DOD partially concurred with our second recommendation that the 
Secretary of Defense assign clear leadership with accountability and 
authority to implement and sustain the risk management framework. DOD 
stated that, although it agrees that such leadership is key to any 
successful performance management system, the department's senior 
executives provide sufficient leadership and accountability for 
implementing and sustaining the risk management framework. DOD also 
stated that it did not agree that a new organization or bureaucratic 
structure is needed to ensure successful implementation and sustainment 
of the risk management framework. We agree that DOD has assigned 
specific roles and responsibilities for goals and measures associated 
with the risk management framework to various high-level DOD officials. 
However, we based our recommendation on the fact that no single 
individual, with appropriate authority, was held responsible for 
ensuring that the risk management framework was implemented across the 
department.

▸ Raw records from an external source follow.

(* Let $\Gamma=\{b_1q_1\overline{b_1'}=0,\dots,b_mq_m\overline{b_m'}=0\}\cup\{c_1\le c_1',\dots,c_n\le c_n'\}$ be a set of assumptions, with $q_i\in\Sigma$ and all $b_i,b_i',c_j,c_j'$ Boolean expressions. Let $u=(p_1+\cdots+p_k)^*$ where $\Sigma=\{p_1,\dots,p_k\}$, and $r=b_1q_1\overline{b_1'}+\cdots+b_mq_m\overline{b_m'}+c_1\overline{c_1'}+\cdots+c_n\overline{c_n'}$. Then for every KAT expression $e$, $\mathsf{GS}^\Gamma(e)=\mathsf{GS}(e)\setminus\mathsf{GS}(uru)$.
   Context: Let $\Sigma=\{p_1,\dots,p_k\}$ ($k\ge1$) be a finite set of action symbols and $T=\{t_1,\dots,t_l\}$ ($l\ge1$) a finite set of test symbols. Boolean expressions: $b::=0\mid 1\mid t\mid \overline{b}\mid b_1+b_2\mid b_1 b_2$; KAT expressions (syntactic terms): $e::=p\in\Sigma\mid b\mid e_1+e_2\mid e_1e_2\mid e^*$. $\mathsf{At}$ is the set of atoms (words $b_1\cdots b_l$ with $b_i\in\{t_i,\overline{t_i}\}$), identified with truth assignments to $T$; $\alpha\le b$ means $b$ is true under $\alpha$. Guarded strings: $\mathsf{GS}=(\mathsf{At}\cdot\Sigma)^*\cdot\mathsf{At}$. The fusion product $xy$ is defined only when the last atom of $x$ equals the first atom of $y$, and is the concatenation with one copy of that atom omitted; $X\diamond Y=\{xy\mid x\in X,y\in Y,xy\text{ defined}\}$, $X^0=\mathsf{At}$ in the definition of $\mathsf{GS}$, $X^{n+1}=X\diamond X^n$. $\mathsf{GS}(p)=\{\alpha p\beta\mid\alpha,\beta\in\mathsf{At}\}$; $\mathsf{GS}(b)=\{\alpha\in\mathsf{At}\mid\alpha\le b\}$; $\mathsf{GS}(e_1+e_2)=\mathsf{GS}(e_1)\cup\mathsf{GS}(e_2)$; $\mathsf{GS}(e_1e_2)=\mathsf{GS}(e_1)\diamond\mathsf{GS}(e_2)$; $\mathsf{GS}(e^* )=\bigcup_{n\ge0}\mathsf{GS}(e)^n$. Given $\Gamma$ as in the claim, $\mathsf{At}^\Gamma=\{\alpha\in\mathsf{At}\mid \alpha\le c\Rightarrow\alpha\le c'\text{ for all }(c\le c')\in\Gamma\}$. Guarded strings modulo $\Gamma$: $\mathsf{GS}^\Gamma(p)=\{\alpha p\beta\mid\alpha,\beta\in\mathsf{At}^\Gamma\text{ and for every assumption }bp\overline{b'}=0\text{ in }\Gamma\text{ (with this same }p),\ \alpha\le b\Rightarrow\beta\le b'\}$; $\mathsf{GS}^\Gamma(b)=\{\alpha\in\mathsf{At}^\Gamma\mid\alpha\le b\}$; $\mathsf{GS}^\Gamma(e_1+e_2)=\mathsf{GS}^\Gamma(e_1)\cup\mathsf{GS}^\Gamma(e_2)$; $\mathsf{GS}^\Gamma(e_1e_2)=\mathsf{GS}^\Gamma(e_1)\diamond\mathsf{GS}^\Gamma(e_2)$; $\mathsf{GS}^\Gamma(e^* )=\bigcup_{n\ge0}\mathsf{GS}^\Gamma(e)^n$, where here $X^0$ is taken to be $\mathsf{At}^\Gamma$. *)

From mathcomp Require Import all_boot.
Set Implicit Arguments. Unset Strict Implicit. Unset Printing Implicit Defensive.
From Stdlib Require Lists.List.

Inductive bexp (l : nat) : Type :=
| B0 | B1 | Bt of 'I_l | Bneg of bexp l | Bplus of bexp l & bexp l
| Bmul of bexp l & bexp l.

Inductive kexp (k l : nat) : Type :=
| Kact of 'I_k | Ktest of bexp l | Kplus of kexp k l & kexp k l
| Kmul of kexp k l & kexp k l | Kstar of kexp k l.

Definition atom (l : nat) := {ffun 'I_l -> bool}.

Fixpoint beval l (a : atom l) (b : bexp l) : bool :=
  match b with
  | B0 => false | B1 => true | Bt t => a t
  | Bneg b => ~~ beval a b
  | Bplus b1 b2 => beval a b1 || beval a b2
  | Bmul b1 b2 => beval a b1 && beval a b2
  end.

(* Guarded string alpha0 p1 alpha1 ... pn alphan  ~  (alpha0, [(p1,alpha1);...;(pn,alphan)]) *)
Definition gstring (k l : nat) := (atom l * seq ('I_k * atom l))%type.
Definition gs_first k l (x : gstring k l) : atom l := x.1.
Definition gs_last k l (x : gstring k l) : atom l := last x.1 (map snd x.2).
Definition gs_fuse k l (x y : gstring k l) : gstring k l := (x.1, x.2 ++ y.2).

Definition lang k l := gstring k l -> Prop.

Definition diamond k l (X Y : lang k l) : lang k l :=
  fun w => exists x y, X x /\ Y y /\ gs_last x = gs_first y /\ w = gs_fuse x y.

(* X^0 = Z (the set of atoms, possibly restricted), X^(n+1) = X <> X^n *)
Fixpoint lpow k l (Z X : lang k l) (n : nat) : lang k l :=
  match n with
  | 0 => Z
  | n.+1 => diamond X (lpow Z X n)
  end.

Definition atoms_in k l (P : atom l -> Prop) : lang k l :=
  fun w => w.2 = [::] /\ P w.1.

Fixpoint GS k l (e : kexp k l) : lang k l :=
  match e with
  | Kact p => fun w => exists a b, w = (a, [:: (p, b)])
  | Ktest b => atoms_in (fun a => beval a b)
  | Kplus e1 e2 => fun w => GS e1 w \/ GS e2 w
  | Kmul e1 e2 => diamond (GS e1) (GS e2)
  | Kstar e1 => fun w => exists n, lpow (atoms_in (fun _ => True)) (GS e1) n w
  end.

(* Assumptions Gamma: action assumptions b q ~b' = 0 given as triples (b,q,b'),
   test assumptions c <= c' given as pairs (c,c'). *)
Definition AtG l (G2 : seq (bexp l * bexp l)) (a : atom l) : Prop :=
  forall cc, Stdlib.Lists.List.In cc G2 -> beval a cc.1 -> beval a cc.2.

Fixpoint GSG k l (G1 : seq (bexp l * 'I_k * bexp l)) (G2 : seq (bexp l * bexp l))
    (e : kexp k l) : lang k l :=
  match e with
  | Kact p => fun w => exists a b, w = (a, [:: (p, b)]) /\ AtG G2 a /\ AtG G2 b /\
      (forall t, Stdlib.Lists.List.In t G1 -> t.1.2 = p -> beval a t.1.1 -> beval b t.2)
  | Ktest b => atoms_in (fun a => AtG G2 a /\ beval a b)
  | Kplus e1 e2 => fun w => GSG G1 G2 e1 w \/ GSG G1 G2 e2 w
  | Kmul e1 e2 => diamond (GSG G1 G2 e1) (GSG G1 G2 e2)
  | Kstar e1 => fun w => exists n, lpow (atoms_in (AtG G2)) (GSG G1 G2 e1) n w
  end.

Fixpoint ksum k l (s : seq (kexp k l)) : kexp k l :=
  match s with
  | [::] => Ktest k (B0 l)
  | [:: e] => e
  | e :: s' => Kplus e (ksum s')
  end.

Definition u_expr k l : kexp k l := Kstar (ksum [seq Kact l p | p <- enum 'I_k]).

Definition r_expr k l (G1 : seq (bexp l * 'I_k * bexp l)) (G2 : seq (bexp l * bexp l))
  : kexp k l :=
  ksum ([seq Kmul (Kmul (Ktest k t.1.1) (Kact l t.1.2)) (Ktest k (Bneg t.2)) | t <- G1]
     ++ [seq Ktest k (Bmul cc.1 (Bneg cc.2)) | cc <- G2]).

From mathcomp Require Import all_boot.
From Stdlib Require Import Classical.
Set Implicit Arguments. Unset Strict Implicit.

(* Call a guarded string a0 p1 a1 ... pn an _admissible_ when
   every atom ai lies in At^Gamma and every step a(i-1) pi ai respects the
   action assumptions b q ~b' = 0 of Gamma.  The theorem splits in two facts:
   1. GS^Gamma(e) = GS(e) restricted to admissible strings, by induction on e:
      admissibility of a fusion xy is exactly admissibility of x and of y,
      so restriction commutes with union, fusion product and powers.
   2. A guarded string is admissible iff it is not in GS(uru): since GS(u)
      contains every guarded string, GS(uru) consists of the strings having a
      factor in GS(r), and the factors in GS(r) are exactly the single atoms
      outside At^Gamma and the single steps violating an action assumption. *)

Section Admissible.
Variables (k l : nat) (G1 : seq (bexp l * 'I_k * bexp l)) (G2 : seq (bexp l * bexp l)).

Definition step_ok (a : atom l) (p : 'I_k) (b : atom l) : Prop :=
  forall t, List.In t G1 -> t.1.2 = p -> beval a t.1.1 -> beval b t.2.

Fixpoint steps_ok (a : atom l) (s : seq ('I_k * atom l)) : Prop :=
  match s with
  | [::] => True
  | (p, b) :: s' => AtG G2 b /\ step_ok a p b /\ steps_ok b s'
  end.

Definition admissible (w : gstring k l) : Prop := AtG G2 w.1 /\ steps_ok w.1 w.2.

Lemma steps_ok_cat (a : atom l) (s1 s2 : seq ('I_k * atom l)) :
  steps_ok a (s1 ++ s2) <-> steps_ok a s1 /\ steps_ok (last a (map snd s1)) s2.
Proof.
elim: s1 a => [|[p b] s1 IH] a /=; first tauto.
rewrite IH; tauto.
Qed.

Lemma admissible_last (w : gstring k l) : admissible w -> AtG G2 (gs_last w).
Proof.
case: w => a s; rewrite /admissible /gs_last /=.
elim: s a => [|[p b] s IH] a /=; first tauto.
by move=> [_ [Hb [_ Hs]]]; apply: IH.
Qed.

Lemma admissible_fuse (x y : gstring k l) : gs_last x = gs_first y ->
  admissible (gs_fuse x y) <-> admissible x /\ admissible y.
Proof.
case: x => a s; case: y => c t; rewrite /admissible /gs_fuse /gs_last /gs_first /=.
move=> Hxy; rewrite steps_ok_cat Hxy.
have := @admissible_last (a, s); rewrite /admissible /gs_last /= Hxy; tauto.
Qed.

Lemma diamond_admissible (X X' Y Y' : lang k l) :
  (forall w, X w <-> X' w /\ admissible w) ->
  (forall w, Y w <-> Y' w /\ admissible w) ->
  forall w, diamond X Y w <-> diamond X' Y' w /\ admissible w.
Proof.
move=> HX HY w; split.
- move=> [x [y [Hx [Hy [Hxy ->]]]]]; rewrite HX in Hx; rewrite HY in Hy.
  split; first by exists x, y; tauto.
  by apply/admissible_fuse; tauto.
- move=> [[x [y [Hx [Hy [Hxy ->]]]]] /(admissible_fuse Hxy) [Hadx Hady]].
  by exists x, y; rewrite HX HY; tauto.
Qed.

Lemma atoms_admissible (P : atom l -> Prop) (w : gstring k l) :
  atoms_in (fun a => AtG G2 a /\ P a) w <-> atoms_in P w /\ admissible w.
Proof.
case: w => a s; rewrite /atoms_in /admissible /=; split.
- by move=> [-> [Ha Hp]].
- by move=> [[-> Hp] [Ha _]].
Qed.

Lemma GSG_admissible (e : kexp k l) (w : gstring k l) :
  GSG G1 G2 e w <-> GS e w /\ admissible w.
Proof.
elim: e w => [p|b|e1 IH1 e2 IH2|e1 IH1 e2 IH2|e1 IH1] w /=.
- split.
  + by move=> [a [b [-> [Ha [Hb Hab]]]]]; split; [exists a, b|].
  + by move=> [[a [b ->]] [Ha [Hb [Hab _]]]]; exists a, b.
- exact: atoms_admissible.
- by rewrite IH1 IH2; tauto.
- exact: diamond_admissible.
- have Hpow n w' : lpow (atoms_in (AtG G2)) (GSG G1 G2 e1) n w' <->
      lpow (atoms_in (fun=> True)) (GS e1) n w' /\ admissible w'.
    elim: n w' => [|n IHn] w' /=; last exact: diamond_admissible.
    have := @atoms_admissible (fun=> True) w'.
    by rewrite /atoms_in; case: w' => a s /=; tauto.
  split.
  + by move=> [n /Hpow [Hn Hw]]; split; first exists n.
  + by move=> [[n Hn] Hw]; exists n; apply/Hpow.
Qed.

Lemma not_AtG (a : atom l) : ~ AtG G2 a ->
  exists cc, List.In cc G2 /\ beval a cc.1 /\ ~ beval a cc.2.
Proof.
move=> Ha; apply: NNPP => Hnone; apply: Ha => cc Hin H1.
by apply: NNPP => H2; apply: Hnone; exists cc.
Qed.

Lemma not_step_ok (a : atom l) (p : 'I_k) (b : atom l) : ~ step_ok a p b ->
  exists t, List.In t G1 /\ t.1.2 = p /\ beval a t.1.1 /\ ~ beval b t.2.
Proof.
move=> Hab; apply: NNPP => Hnone; apply: Hab => t Hin Hp H1.
by apply: NNPP => H2; apply: Hnone; exists t.
Qed.

End Admissible.

Section Sums.
Variables k l : nat.

Lemma GS_ksum (s : seq (kexp k l)) (w : gstring k l) :
  GS (ksum s) w <-> exists e, List.In e s /\ GS e w.
Proof.
elim: s => [|e1 [|e2 s] IH].
- by split; [case | move=> [e [[] _]]].
- by split; [exists e1; split; [left|] | move=> [e [[<-|[]] He]]].
- change (GS e1 w \/ GS (ksum (e2 :: s)) w <->
          exists e, List.In e [:: e1, e2 & s] /\ GS e w).
  rewrite IH; split.
  + by move=> [He1|[e [Hin He]]]; [exists e1; split; [left|] | exists e; split; [right|]].
  + by move=> [e [[<-|Hin] He]]; [left | right; exists e].
Qed.

Lemma In_mem (T : eqType) (x : T) (s : seq T) : x \in s -> List.In x s.
Proof.
elim: s => [|y s IH] //; rewrite in_cons => /orP [/eqP ->|Hx].
- by left.
- by right; apply: IH.
Qed.

Lemma GS_u (w : gstring k l) : GS (u_expr k l) w.
Proof.
case: w => a s; exists (size s); elim: s a => [|[p b] s IH] a //=.
exists (a, [:: (p, b)]), (b, s); split; last by [].
apply/GS_ksum; exists (Kact l p); split; last by exists a, b.
by apply: List.in_map; apply: In_mem; rewrite mem_enum.
Qed.

End Sums.

Section Violations.
Variables (k l : nat) (G1 : seq (bexp l * 'I_k * bexp l)) (G2 : seq (bexp l * bexp l)).

Notation uru := (Kmul (Kmul (u_expr k l) (r_expr G1 G2)) (u_expr k l)).

Lemma GS_r_not_admissible (y : gstring k l) :
  GS (r_expr G1 G2) y -> ~ admissible G1 G2 y.
Proof.
rewrite /r_expr GS_ksum => -[e [He Hy]].
case: (List.in_app_or _ _ _ He) => {He} /List.in_map_iff [t [Et Ht]]; subst e.
- move: Hy => /= [y1 [y3 [[y0 [y2 [[Hy0 Hb] [[a [b E2]] [Hl E1]]]]] [[Hy3 Hb'] [Hl' E]]]]].
  case: y0 Hy0 Hb Hl E1 => a0 s0 /= Hs0 Hb; rewrite /gs_last /gs_first E2 /= => Ha E1; subst.
  case: y3 Hy3 Hb' Hl' => a3 s3 /= -> Hb'; rewrite /gs_last /gs_first /= => Hb3; subst a3.
  rewrite /admissible /gs_fuse /= => -[_ [_ [Hstep _]]].
  by move: (Hstep t Ht erefl Hb) Hb' => ->.
- move: Hy => /= [_ /andP [H1 /negP H2]] [Ha _].
  exact: H2 (Ha t Ht H1).
Qed.

Lemma GS_r_atom (a : atom l) cc :
  List.In cc G2 -> beval a cc.1 -> ~ beval a cc.2 -> GS (r_expr G1 G2) (a, [::]).
Proof.
move=> Hin H1 H2; rewrite /r_expr GS_ksum.
exists (Ktest k (Bmul cc.1 (Bneg cc.2))); split.
- by apply: List.in_or_app; right; apply: List.in_map.
- by split => //=; rewrite H1 /=; apply/negP.
Qed.

Lemma GS_r_step (a b : atom l) t :
  List.In t G1 -> beval a t.1.1 -> ~ beval b t.2 ->
  GS (r_expr G1 G2) (a, [:: (t.1.2, b)]).
Proof.
move=> Hin H1 H2; rewrite /r_expr GS_ksum.
exists (Kmul (Kmul (Ktest k t.1.1) (Kact l t.1.2)) (Ktest k (Bneg t.2))); split.
- apply: List.in_or_app; left.
  exact: (List.in_map (fun t => Kmul (Kmul (Ktest k t.1.1) (Kact l t.1.2))
                                     (Ktest k (Bneg t.2)))).
- exists (a, [:: (t.1.2, b)]), (b, [::]); do !split => //=; last exact/negP.
  by exists (a, [::]), (a, [:: (t.1.2, b)]); do !split => //; exists a, b.
Qed.

Lemma GS_uru_prefix (x y : gstring k l) :
  GS (r_expr G1 G2) x -> gs_last x = gs_first y -> GS uru (gs_fuse x y).
Proof.
move=> Hx Hxy; exists x, y; do !split => //; last exact: GS_u.
exists (x.1, [::]), x; do !split => //; first exact: GS_u.
by case: x {Hx Hxy}.
Qed.

Lemma GS_uru_cons (a : atom l) (p : 'I_k) (b : atom l) s :
  GS uru (b, s) -> GS uru (a, (p, b) :: s).
Proof.
move=> [xy [z [[[x1 x2] [y [_ [Hy [Hxy ->]]]]] [Hz [Hyz E]]]]].
case: E => Ex1 Es; subst x1 s.
exists (gs_fuse (a, (p, b) :: x2) y), z; do !split => //.
by exists (a, (p, b) :: x2), y; do !split => //; apply: GS_u.
Qed.

Lemma not_admissible_GS_uru (w : gstring k l) : ~ admissible G1 G2 w -> GS uru w.
Proof.
case: w => a s; elim: s a => [|[p b] s IH] a; rewrite /admissible /= => Hw.
- have /not_AtG [cc [Hin [H1 H2]]] : ~ AtG G2 a by tauto.
  exact: (GS_uru_prefix (GS_r_atom Hin H1 H2) (y := (a, [::]))).
- have [Ha | /not_AtG [cc [Hin [H1 H2]]]] := classic (AtG G2 a); last first.
    exact: (GS_uru_prefix (GS_r_atom Hin H1 H2) (y := (a, (p, b) :: s))).
  have [Hab | /not_step_ok [t [Hin [<- [H1 H2]]]]] := classic (step_ok G1 a p b).
  + by apply/GS_uru_cons/IH; rewrite /admissible /=; tauto.
  + exact: (GS_uru_prefix (GS_r_step Hin H1 H2) (y := (b, s))).
Qed.

Lemma admissible_iff_not_uru (w : gstring k l) : admissible G1 G2 w <-> ~ GS uru w.
Proof.
split.
- move=> Hw [xy [z [[x [y [_ [Hy [Hxy ->]]]]] [_ [Hyz Ew]]]]]; subst w.
  move: Hw => /(admissible_fuse _ _ Hyz) [/(admissible_fuse _ _ Hxy) [_ Hady] _].
  exact: GS_r_not_admissible Hy Hady.
- by move=> Hn; apply: NNPP => Hw; apply/Hn/not_admissible_GS_uru.
Qed.

End Violations.

Theorem mainTheorem9 (k l : nat) (hk : 0 < k) (hl : 0 < l)
    (G1 : seq (bexp l * 'I_k * bexp l)) (G2 : seq (bexp l * bexp l))
    (e : kexp k l) (w : gstring k l) :
  GSG G1 G2 e w <->
  (GS e w /\ ~ GS (Kmul (Kmul (u_expr k l) (r_expr G1 G2)) (u_expr k l)) w).
Proof. by rewrite GSG_admissible admissible_iff_not_uru. Qed.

Further, our recommendation does not propose that DOD set 
up a new organization or bureaucratic structure, but, as stated in this 
report, we continue to believe that one way to provide strong and 
sustained leadership for change initiatives, such as the risk 
management framework, over a number of years and various 
administrations is to legislatively establish a CMO. 

In partially concurring with our third recommendation to develop 
implementation goals and timelines, DOD agreed that tracking progress 
in implementing the risk management framework is a good management 
practice. DOD stated that it has established goals and timelines for 
the risk management framework that are unique to the individual 
metrics, or measures, and that because the risk management framework 
continually evolves over time, new metrics will be developed while 
others may be retired. As we stated in the report, successful change 
management efforts use implementation goals--such as, for example, 
linking the risk management framework to the budget--and timelines for 
meeting those goals, to pinpoint shortfalls and gaps, suggest midcourse 
corrections, and build momentum by demonstrating progress. Therefore, 
while DOD may continually refine the individual goals and measures 
associated with the framework's risk quadrants, we believe that goals 
and timelines for the overall implementation of the framework across 
the department are essential for keeping this reform initiative on 
track. 

DOD partially concurred with our fourth recommendation that the 
Secretary of Defense demonstrate the integration of the risk management 
framework with DOD's decision support processes and related reform 
initiatives to improve investment decision making and manage 
performance results. DOD stated that the department is currently 
studying ways to further integrate the risk management framework with 
other decision support processes, but no single framework or decision 
model can provide all the necessary information or flexibility needed 
by the Secretary of Defense and his senior leadership team. We 
recognize that DOD's senior leadership needs reliable information from 
a variety of sources and flexibility to make decisions among 
alternative actions or solutions. However, if the risk management 
framework is to successfully serve as a management tool to assist 
decision makers in formulating top-down strategy, balancing investment 
priorities against risk over time, measuring near-and midterm outputs 
against strategic goals, and focusing on actual performance results--as 
intended by DOD's senior leadership--it is crucial that it be 
successfully integrated with DOD's investment decision-making 
processes, including recent reform initiatives. 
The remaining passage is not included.